Almost overnight, the young-adult novel turned TV show “Thirteen Reasons Why” has become a national phenomenon. The reception among teens has been enthusiastically positive, while parents and medical professionals are less pleased by its overwhelming popularity. Many American schools, including my old high school, have sent emails home to explain the detrimental effects of the show’s portrayal of mental illness and to caution parents about their children watching the show. Last week, Lucy Grossbard wrote a Commentary article titled “Thirteen Reasons to Ditch this Show,” breaking down some of the issues with their narrative of teen suicide. While I agree that “Thirteen Reasons Why” presents a highly problematic storyline, I believe that Grossbard presents a simplistic and one-sided argument. She argues that the show normalises and trivialises depression, but the show goes further: it removes the main character, Hannah Baker’s, legitimacy as a person and therefore her right to a claim ownership of and recover from a mental illness.
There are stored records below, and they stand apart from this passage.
(* Let $n,m$ be positive integers and $d=nm$. Let $\boldsymbol\alpha,\boldsymbol\beta\in\mathbb{R}^m_{\geq 0}$ be such that $\mathbf a=(\boldsymbol\alpha^\top,\dots,\boldsymbol\alpha^\top)^\top\in\mathbb{R}^d$ and $\mathbf b=(\boldsymbol\beta^\top,\dots,\boldsymbol\beta^\top)^\top\in\mathbb{R}^d$ ($n$ stacked copies each) are probability vectors. Let $\mathbf C_0,\dots,\mathbf C_{n-1}\in\mathbb{R}^{m\times m}_{\geq 0}$ and let $\mathbf C\in\mathbb{R}^{d\times d}$ be the block-circulant matrix whose $(r,s)$-th $m\times m$ block ($0\le r,s\le n-1$) is $\mathbf C_{(s-r)\bmod n}$. Let $\phi:\mathbb{R}\to\mathbb{R}\cup\{+\infty\}$ be convex with $\phi(x)=+\infty$ for $x<0$. Consider the problem $$\min_{\mathbf T\in\mathbb{R}^{d\times d}} \langle \mathbf C,\mathbf T\rangle+\sum_{i,j=0}^{d-1}\phi(T_{ij})\quad\text{s.t.}\quad \mathbf T\mathbf 1_d=\mathbf a,\ \ \mathbf T^\top\mathbf 1_d=\mathbf b,$$ and suppose it has an optimal solution. Then there exists an optimal solution $\mathbf T$ of this problem that is block-circulant, i.e. there are $\mathbf T_0,\dots,\mathbf T_{n-1}\in\mathbb{R}^{m\times m}_{\geq 0}$ such that the $(r,s)$-th $m\times m$ block of $\mathbf T$ is $\mathbf T_{(s-r)\bmod n}$ for all $0\le r,s\le n-1$.
   Context: $\langle\mathbf X,\mathbf Y\rangle=\sum_{i,j}X_{ij}Y_{ij}$ is the Frobenius inner product, and $\mathbf 1_d$ is the all-ones vector in $\mathbb{R}^d$. Block-circulant means the first block row is $(\mathbf C_0,\mathbf C_1,\dots,\mathbf C_{n-1})$ and each subsequent block row is the cyclic shift of the previous one by one block to the right. *)

From mathcomp Require Import all_boot all_order all_algebra.
From mathcomp Require Import all_classical all_reals ereal.
Set Implicit Arguments. Unset Strict Implicit. Unset Printing Implicit Defensive.
Import Order.TTheory GRing.Theory Num.Theory.
Local Open Scope ring_scope.

(* Indices of R^d with d = n*m are 'I_(n * m); index k lies in block k %/ m
   at position k %% m inside the block. *)

Definition block_circulant (R : Type) (n m : nat)
  (M : 'M[R]_(n * m)) (B : nat -> 'M[R]_m) : Prop :=
  forall (i j : 'I_(n * m)) (hi : (i %% m < m)%N) (hj : (j %% m < m)%N),
    M i j = B ((j %/ m + n - i %/ m) %% n)%N (Ordinal hi) (Ordinal hj).

Definition stacked (R : Type) (n m : nat) (v : 'I_m -> R) (w : 'I_(n * m) -> R) : Prop :=
  forall (k : 'I_(n * m)) (hk : (k %% m < m)%N), w k = v (Ordinal hk).

Definition is_prob_vec (R : numDomainType) (d : nat) (w : 'I_d -> R) : Prop :=
  (forall k, 0 <= w k) /\ \sum_(k < d) w k = 1.

(* Convex function R -> R ∪ {+oo} (values in \bar R, never -oo);
   convexity uses the standard convention 0 * (+oo) = 0. *)
Definition convex_ext (R : realType) (phi : R -> \bar R) : Prop :=
  (forall x, phi x != -oo%E) /\
  forall (x y t : R), (0 <= t <= 1)%R ->
    (phi (t * x + (1 - t) * y)%R <= t%:E * phi x + (1 - t)%:E * phi y)%E.

Definition ot_obj (R : realType) (d : nat) (phi : R -> \bar R)
  (C T : 'M[R]_d) : \bar R :=
  ((\sum_(i < d) \sum_(j < d) C i j * T i j)%:E
   + \sum_(i < d) \sum_(j < d) phi (T i j))%E.

Definition feasible (R : realType) (d : nat) (a b : 'I_d -> R) (T : 'M[R]_d) : Prop :=
  (forall i, \sum_(j < d) T i j = a i) /\ (forall j, \sum_(i < d) T i j = b j).

Definition optimal (R : realType) (d : nat) (phi : R -> \bar R)
  (C : 'M[R]_d) (a b : 'I_d -> R) (T : 'M[R]_d) : Prop :=
  feasible a b T /\
  forall T', feasible a b T' -> (ot_obj phi C T <= ot_obj phi C T')%E.

From mathcomp Require Import all_boot all_order all_algebra.
From mathcomp Require Import all_classical all_reals ereal.
From mathcomp Require Import zify ring.
Set Implicit Arguments. Unset Strict Implicit. Unset Printing Implicit Defensive.
Import Order.TTheory GRing.Theory Num.Theory.

(* The cyclic block shifts form a group of index permutations that fixes
   a, b and C.  Averaging an optimal plan over this group keeps it
   feasible, leaves the linear cost unchanged and, by Jensen's inequality,
   does not increase the convex part; the average is shift invariant, i.e.
   block-circulant.  If the optimal value is +oo every feasible plan is
   optimal and the independent coupling a b^T already is block-circulant. *)

Section BlockShift.
Variables (n m : nat) (n_gt0 : (0 < n)%N) (m_gt0 : (0 < m)%N).

Lemma blk_index_lt q r : (q %% n * m + r %% m < n * m)%N.
Proof.
have := ltn_pmod q n_gt0; have := ltn_pmod r m_gt0.
move: (q %% n) (r %% m) => x y; nia.
Qed.

Definition blk_index q r : 'I_(n * m) := Ordinal (blk_index_lt q r).

Lemma blk_index_div q r : (blk_index q r %/ m = q %% n)%N.
Proof. by rewrite /= divnMDl // divn_small ?addn0 // ltn_pmod. Qed.

Lemma blk_index_mod q r : (blk_index q r %% m = r %% m)%N.
Proof. by rewrite /= modnMDl modn_mod. Qed.

Lemma blk_lt (i : 'I_(n * m)) : (i %/ m < n)%N.
Proof. by rewrite ltn_divLR. Qed.

Definition bshift k (i : 'I_(n * m)) := blk_index (i %/ m + k) i.

Lemma bshift_div k i : (bshift k i %/ m = (i %/ m + k) %% n)%N.
Proof. exact: blk_index_div. Qed.

Lemma bshift_mod k i : (bshift k i %% m = i %% m)%N.
Proof. exact: blk_index_mod. Qed.

Lemma bshift_inj k : injective (bshift k).
Proof.
move=> i j eij.
have /eqP : (i %/ m == j %/ m %[mod n])%N.
  by rewrite -(eqn_modDr k) -!bshift_div eij.
rewrite !modn_small ?blk_lt // => div_ij.
apply: val_inj; rewrite /= (divn_eq i m) (divn_eq j m) div_ij.
by rewrite -(bshift_mod k i) -(bshift_mod k j) eij.
Qed.

Lemma bshift_modn k i : bshift (k %% n) i = bshift k i.
Proof. by apply: val_inj; rewrite /= modnDmr. Qed.

Lemma bshift_add k l i : bshift k (bshift l i) = bshift (l + k) i.
Proof. by apply: val_inj; rewrite /= bshift_div bshift_mod modnDml addnA. Qed.

Lemma modn_block_diff u v k : (u < n)%N ->
  (((v + k) %% n + n - (u + k) %% n) %% n = (v + n - u) %% n)%N.
Proof.
have subnK_mod x y : (y < n)%N -> ((x + n - y) %% n + y = x %[mod n])%N.
  by move=> lt_yn; rewrite modnDml subnK ?modnDr // ltnW ?ltn_addl.
move=> lt_un; apply/eqP; rewrite -(modn_small (ltn_pmod _ n_gt0)).
rewrite -[X in _ == X](modn_small (ltn_pmod _ n_gt0)).
rewrite -(eqn_modDr ((u + k) %% n)) (subnK_mod ((v + k) %% n)) ?ltn_pmod //.
by rewrite modnDmr addnA -[in X in _ == X]modnDml subnK_mod // modnDml modn_mod.
Qed.

Lemma block_circulant_bshift (V : Type) (M : 'M[V]_(n * m)) B :
  block_circulant M B -> forall k i j, M (bshift k i) (bshift k j) = M i j.
Proof.
move=> circM k i j; have hm x : (x %% m < m)%N by rewrite ltn_pmod.
rewrite (circM _ _ (hm _) (hm _)) (circM i j (hm _) (hm _)).
rewrite !bshift_div modn_block_diff ?blk_lt //.
by congr (B _ _ _); apply: val_inj; rewrite /= bshift_mod.
Qed.

Lemma bshift_invariant_block_circulant (V : Type) (M : 'M[V]_(n * m)) :
  (forall k i j, M (bshift k i) (bshift k j) = M i j) ->
  block_circulant M
    (fun q => (\matrix_(r, c) M (blk_index 0 r) (blk_index q c))%R).
Proof.
move=> invM i j hi hj; rewrite mxE -(invM (n - i %/ m) i j).
have le_in : (i %/ m <= n)%N := ltnW (blk_lt i).
congr (M _ _); apply: val_inj; rewrite /= ?modn_mod.
  by rewrite subnKC // modnn mod0n.
by rewrite addnBA.
Qed.

Lemma stacked_bshift (V : Type) (v : 'I_m -> V) w :
  stacked v w -> forall k i, w (bshift k i) = w i.
Proof.
move=> stk k i; have hm x : (x %% m < m)%N by rewrite ltn_pmod.
rewrite (stk _ (hm _)) (stk i (hm _)).
by congr v; apply: val_inj; rewrite /= bshift_mod.
Qed.

Lemma big_bshift (V : Type) (idx : V) (op : Monoid.com_law idx) k F :
  \big[op/idx]_i F (bshift k i) = \big[op/idx]_i F i.
Proof. by rewrite [RHS](reindex_inj (@bshift_inj k)). Qed.

Lemma big_bshift2 (V : Type) (idx : V) (op : Monoid.com_law idx) k F :
  \big[op/idx]_i \big[op/idx]_j F (bshift k i) (bshift k j)
    = \big[op/idx]_i \big[op/idx]_j F i j.
Proof.
rewrite -[RHS](big_bshift _ k); apply: eq_bigr => i _.
exact: (big_bshift _ k (F (bshift k i))).
Qed.

Lemma big_ord_addn_periodic (V : Type) (idx : V) (op : Monoid.com_law idx)
    (G : nat -> V) l :
  (forall k, G (k %% n) = G k) ->
  \big[op/idx]_(k < n) G (l + k) = \big[op/idx]_(k < n) G k.
Proof.
move=> perG; pose f (k : 'I_n) : 'I_n := Ordinal (ltn_pmod (l + k) n_gt0).
have f_inj : injective f.
  move=> k k' /(congr1 val) /= eq_lk.
  have /eqP : (k == k' %[mod n]) by rewrite -(eqn_modDl l) eq_lk.
  by rewrite !modn_small // => /val_inj.
by rewrite [RHS](reindex_inj f_inj); apply: eq_bigr => k _; rewrite /= perG.
Qed.

End BlockShift.

Local Open Scope ring_scope.

Lemma convex_ext_jensen (R : realType) (phi : R -> \bar R) (x y : nat -> R) p :
    convex_ext phi -> (forall k, phi (x k) = (y k)%:E) -> (0 < p)%N ->
  (phi ((\sum_(k < p) x k) / p%:R)%R <= ((\sum_(k < p) y k) / p%:R)%R%:E)%E.
Proof.
move=> [_ cvx] phixy; elim: p => [//|p IHp] _.
have [->|p_gt0] := posnP p; first by rewrite !big_ord1 !divr1 phixy.
have p_neq0 : (p%:R : R) != 0 by rewrite pnatr_eq0 -lt0n.
pose t : R := p%:R / p.+1%:R.
have t01 : 0 <= t <= 1.
  by rewrite /t divr_ge0 //= ler_pdivrMr ?ltr0n // mul1r ler_nat.
have mean_recr (z : nat -> R) : (\sum_(k < p.+1) z k) / p.+1%:R
    = t * ((\sum_(k < p) z k) / p%:R) + (1 - t) * z p.
  by rewrite big_ord_recr /= /t; field; rewrite p_neq0 andbT addrC natr1.
rewrite !mean_recr; apply: le_trans (cvx _ _ _ t01) _.
rewrite phixy [leRHS]EFinD (EFinM t) (EFinM (1 - t)).
apply: leeD2r; apply: lee_wpmul2l; last exact: IHp.
by rewrite lee_fin; case/andP: t01.
Qed.

Lemma ot_obj_entry_finite (R : realType) d (phi : R -> \bar R) (C T : 'M[R]_d) :
    (forall x, phi x != -oo%E) -> ot_obj phi C T != +oo%E ->
  forall i j, phi (T i j) != +oo%E.
Proof.
move=> phi_nNy objT_fin i j; apply: contra objT_fin => /eqP phiT_y.
have sum_nNy i' : (\sum_j' phi (T i' j') != -oo)%E.
  by rewrite esum_eqNy; apply/existsPn => j'; rewrite phi_nNy.
rewrite /ot_obj (eqP (_ : \sum_i \sum_j phi (T i j) == +oo)%E) ?addey //.
rewrite esum_eqy //; apply/existsP; exists i.
by rewrite esum_eqy //; apply/existsP; exists j; rewrite phiT_y.
Qed.

Section Averaging.
Variables (R : realType) (n m : nat) (n_gt0 : (0 < n)%N) (m_gt0 : (0 < m)%N).
Local Notation bshift := (bshift n_gt0 m_gt0).

Definition bavg (T : 'M[R]_(n * m)) : 'M[R]_(n * m) :=
  \matrix_(i, j) ((\sum_(k < n) T (bshift k i) (bshift k j)) / n%:R).

Lemma mean_const (c : R) : (\sum_(k < n) c) / n%:R = c.
Proof.
have n_neq0 : (n%:R : R) != 0 by rewrite pnatr_eq0 -lt0n.
by rewrite sumr_const card_ord -[c *+ n]mulr_natr mulfK.
Qed.

Lemma sum_mean_bshift (F : 'I_(n * m) -> 'I_(n * m) -> R) :
  \sum_i \sum_j (\sum_(k < n) F (bshift k i) (bshift k j)) / n%:R
    = \sum_i \sum_j F i j.
Proof.
under eq_bigr do rewrite -mulr_suml exchange_big.
rewrite -mulr_suml exchange_big -[RHS]mean_const; congr (_ / _).
by apply: eq_bigr => k _; rewrite big_bshift2.
Qed.

Lemma bavg_bshift (T : 'M[R]_(n * m)) l i j :
  bavg T (bshift l i) (bshift l j) = bavg T i j.
Proof.
rewrite !mxE; congr (_ / _).
under eq_bigr do rewrite !bshift_add.
rewrite (@big_ord_addn_periodic _ n_gt0 _ _ _
           (fun k => T (bshift k i) (bshift k j))) //.
by move=> k; rewrite !bshift_modn.
Qed.

Lemma bavg_ge0 (T : 'M[R]_(n * m)) :
  (forall i j, 0 <= T i j) -> forall i j, 0 <= bavg T i j.
Proof. by move=> T_ge0 i j; rewrite mxE divr_ge0 ?ler0n ?sumr_ge0. Qed.

Lemma feasible_bavg (a b : 'I_(n * m) -> R) (T : 'M[R]_(n * m)) :
    (forall k i, a (bshift k i) = a i) -> (forall k j, b (bshift k j) = b j) ->
  feasible a b T -> feasible a b (bavg T).
Proof.
move=> a_inv b_inv [rowT colT]; split=> i; under eq_bigr do rewrite mxE;
  rewrite -mulr_suml exchange_big -[RHS]mean_const; congr (_ / _);
  apply: eq_bigr => k _.
  by rewrite (big_bshift n_gt0 m_gt0 _ k (T (bshift k i))) rowT a_inv.
by rewrite (big_bshift n_gt0 m_gt0 _ k (T^~ (bshift k i))) colT b_inv.
Qed.

Lemma lin_cost_bavg (C T : 'M[R]_(n * m)) :
    (forall k i j, C (bshift k i) (bshift k j) = C i j) ->
  \sum_i \sum_j C i j * bavg T i j = \sum_i \sum_j C i j * T i j.
Proof.
move=> C_inv; rewrite -[RHS]sum_mean_bshift; apply: eq_bigr => i _.
apply: eq_bigr => j _; rewrite mxE mulrA mulr_sumr.
by under eq_bigr => k _ do rewrite -(C_inv k).
Qed.

Lemma convex_cost_bavg (phi : R -> \bar R) (T : 'M[R]_(n * m)) :
    convex_ext phi -> (forall i j, phi (T i j) != +oo%E) ->
  (\sum_i \sum_j phi (bavg T i j) <= \sum_i \sum_j phi (T i j))%E.
Proof.
move=> cvx phiT_fin; pose y i j := fine (phi (T i j)).
have phiT i j : phi (T i j) = (y i j)%:E.
  by rewrite fineK // fin_numE phiT_fin (proj1 cvx).
under [leRHS]eq_bigr => i _ do
  rewrite (eq_bigr _ (fun j _ => phiT i j)) sumEFin.
rewrite sumEFin -sum_mean_bshift -sumEFin; apply: lee_sum => i _.
rewrite -sumEFin; apply: lee_sum => j _; rewrite mxE.
exact: (convex_ext_jensen (x := fun k => T (bshift k i) (bshift k j))
                          (y := fun k => y (bshift k i) (bshift k j))).
Qed.

Lemma ot_obj_bavg (phi : R -> \bar R) (C T : 'M[R]_(n * m)) :
    convex_ext phi -> (forall k i j, C (bshift k i) (bshift k j) = C i j) ->
    ot_obj phi C T != +oo%E ->
  (ot_obj phi C (bavg T) <= ot_obj phi C T)%E.
Proof.
move=> cvx C_inv objT_fin; rewrite /ot_obj lin_cost_bavg // leeD2l //.
exact/convex_cost_bavg/ot_obj_entry_finite/objT_fin/(proj1 cvx).
Qed.

End Averaging.

Lemma optimal_of_pinfty (R : realType) d (phi : R -> \bar R) C a b
    (T T' : 'M[R]_d) :
    optimal phi C a b T -> ot_obj phi C T = +oo%E -> feasible a b T' ->
  optimal phi C a b T'.
Proof.
move=> [_ optT] objT_y feasT'; split=> // T'' /optT.
by rewrite objT_y leye_eq => /eqP ->; exact: leey.
Qed.

Lemma feasible_outer (R : realType) d (a b : 'I_d -> R) :
  is_prob_vec a -> is_prob_vec b -> feasible a b (\matrix_(i, j) (a i * b j)).
Proof.
move=> [_ sum_a] [_ sum_b]; split=> i; under eq_bigr do rewrite mxE.
  by rewrite -mulr_sumr sum_b mulr1.
by rewrite -mulr_suml sum_a mul1r.
Qed.

Lemma stacked_outer_block_circulant (R : realType) n m
    (alpha beta : 'I_m -> R) a b :
    stacked alpha a -> stacked beta b ->
  block_circulant (\matrix_(i, j) (a i * b j) : 'M[R]_(n * m))
    (fun _ => \matrix_(r, c) (alpha r * beta c)).
Proof.
by move=> stk_a stk_b i j hi hj; rewrite !mxE (stk_a i hi) (stk_b j hj).
Qed.

Theorem lemma1 (R : realType) (n m : nat) (hn : (0 < n)%N) (hm : (0 < m)%N)
  (alpha beta : 'I_m -> R) (a b : 'I_(n * m) -> R)
  (halpha : forall k, 0 <= alpha k) (hbeta : forall k, 0 <= beta k)
  (ha : @stacked R n m alpha a) (hb : @stacked R n m beta b)
  (hpa : is_prob_vec a) (hpb : is_prob_vec b)
  (Cb : nat -> 'M[R]_m) (hCb : forall k i j, 0 <= Cb k i j)
  (C : 'M[R]_(n * m)) (hC : block_circulant C Cb)
  (phi : R -> \bar R) (hphi : convex_ext phi)
  (hphineg : forall x, x < 0 -> phi x = +oo%E)
  (hex : exists T, optimal phi C a b T) :
  exists T : 'M[R]_(n * m), optimal phi C a b T /\
    exists Tb : nat -> 'M[R]_m, (forall k i j, 0 <= Tb k i j) /\
      block_circulant T Tb.
Proof.
case: hex => T optT; have [objT_y|objT_fin] := eqVneq (ot_obj phi C T) +oo%E.
  exists (\matrix_(i, j) (a i * b j)).
  split; first exact/(optimal_of_pinfty optT objT_y)/feasible_outer.
  exists (fun _ => \matrix_(r, c) (alpha r * beta c)).
  split; last exact: stacked_outer_block_circulant.
  by move=> k i j; rewrite mxE mulr_ge0.
have T_ge0 i j : 0 <= T i j.
  rewrite leNgt; apply: contraT => /negbNE /hphineg phiT_y.
  by have := ot_obj_entry_finite (proj1 hphi) objT_fin i j; rewrite phiT_y.
have C_inv := block_circulant_bshift hn hm hC.
exists (bavg hn hm T); split.
  split; first exact/feasible_bavg/(proj1 optT)/(stacked_bshift hn hm hb)
                                    /(stacked_bshift hn hm ha).
  by move=> T' /(proj2 optT); apply: le_trans; exact: ot_obj_bavg.
eexists; split; last exact/bshift_invariant_block_circulant/bavg_bshift.
by move=> k r c; rewrite mxE bavg_ge0.
Qed.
One of the ideas that Grossbard mentioned briefly in her article was the hackneyed portrayal of depressed teenage girls possessing “a mysterious charm” that makes them attractive to characters on screen and viewers offscreen. I recognized the use of this tired trope as an example of a “manic pixie dream girl,” or MPDG. If you need examples of these characters, look no further than “Elizabethtown,” “Breakfast at Tiffany’s,” Scott Pilgrim Vs. The World,” “Looking for Alaska,” “Paper Towns” — within each of these narratives, a gorgeous, offbeat, and most importantly, damaged, young girl drastically brightens the life of a quiet, boring guy. Something tragic happens and she disappears from his life, leaving him a better, more developed person. Essentially, a MPDG is just a plot device to catalyze character development in the male protagonist.
While the MPDG storyline is one of the most addictive and engaging tropes out there, it also sets up an unhealthy power dynamic. Superficially, one may argue that this trope empowers the female character by imbuing her with power to change lives, to alter perceptions, to inspire others to be better. But realistically, MPDGs lack personality, character development, struggles, successes, and most importantly, the right to be a person. She becomes an instrument of male progress, not a human being. And within the context of “Thirteen Reasons Why,” the MPDG trope prevents the show from fleshing out Hannah Baker as a person, and thus, as someone who struggles with a real, debilitating, and dangerous mental illness. After all plot devices don’t have their own problems — or at least not problems worth addressing.
Because Hannah Baker is an MPDG, her mental illness is irrelevant to the development of the plot. The showrunners place her suicide in a vacuum, oversimplify the context, and erase mental illness from the narrative. Once mental illness has been removed from the story, we turn to more tangible, recognizable, and therefore more appealing, reasons for Hannah Baker’s suicide. Now we can ask: Why? Who hurt you? What happened to you? What made you unhappy? Why did you kill yourself?
According to the show, there should be answers to these questions, thirteen tangible, convenient, coherent answers, thirteen people or places or events that we can point to and blame. But there is no one convenient reason, or even thirteen convenient reasons, for why someone kills themselves. When a teenager kills themselves, it is because society failed to provide an alternative, because no one told them the way out, because no one told them how to get help, because they are suffering from serious mental illness, and because nobody will treat them for it. But of course, in “Thirteen Reasons Why”, it is far more exciting to see Hannah Baker point fingers and skirt around the root of the issue.
My issue with “Thirteen Reasons Why” isn’t that the show discusses heavy topics like domestic abuse, suicide, and rape (even if the portrayals are indiscriminately used for shock value). It can be argued that the graphic nature of the suicide and rape scenes are intentionally horrific and jarring to draw attention to these issues. However, the show doesn’t identify the source of these problems, encourages misdirected perspectives, and provides no moral solutions beyond your average Disney Channel movie’s, “We should all be nicer to each other!” As a show geared towards a mature audience on the most ubiquitous streaming platform, “Thirteen Reasons Why” had a responsibility to introduce issues of mental health and refute existing stereotypes of depressed girls, and that’s where they failed.
There are no “Thirteen Reasons Why” Hannah committed suicide; there is one. And it is a reason that the show refuses to address.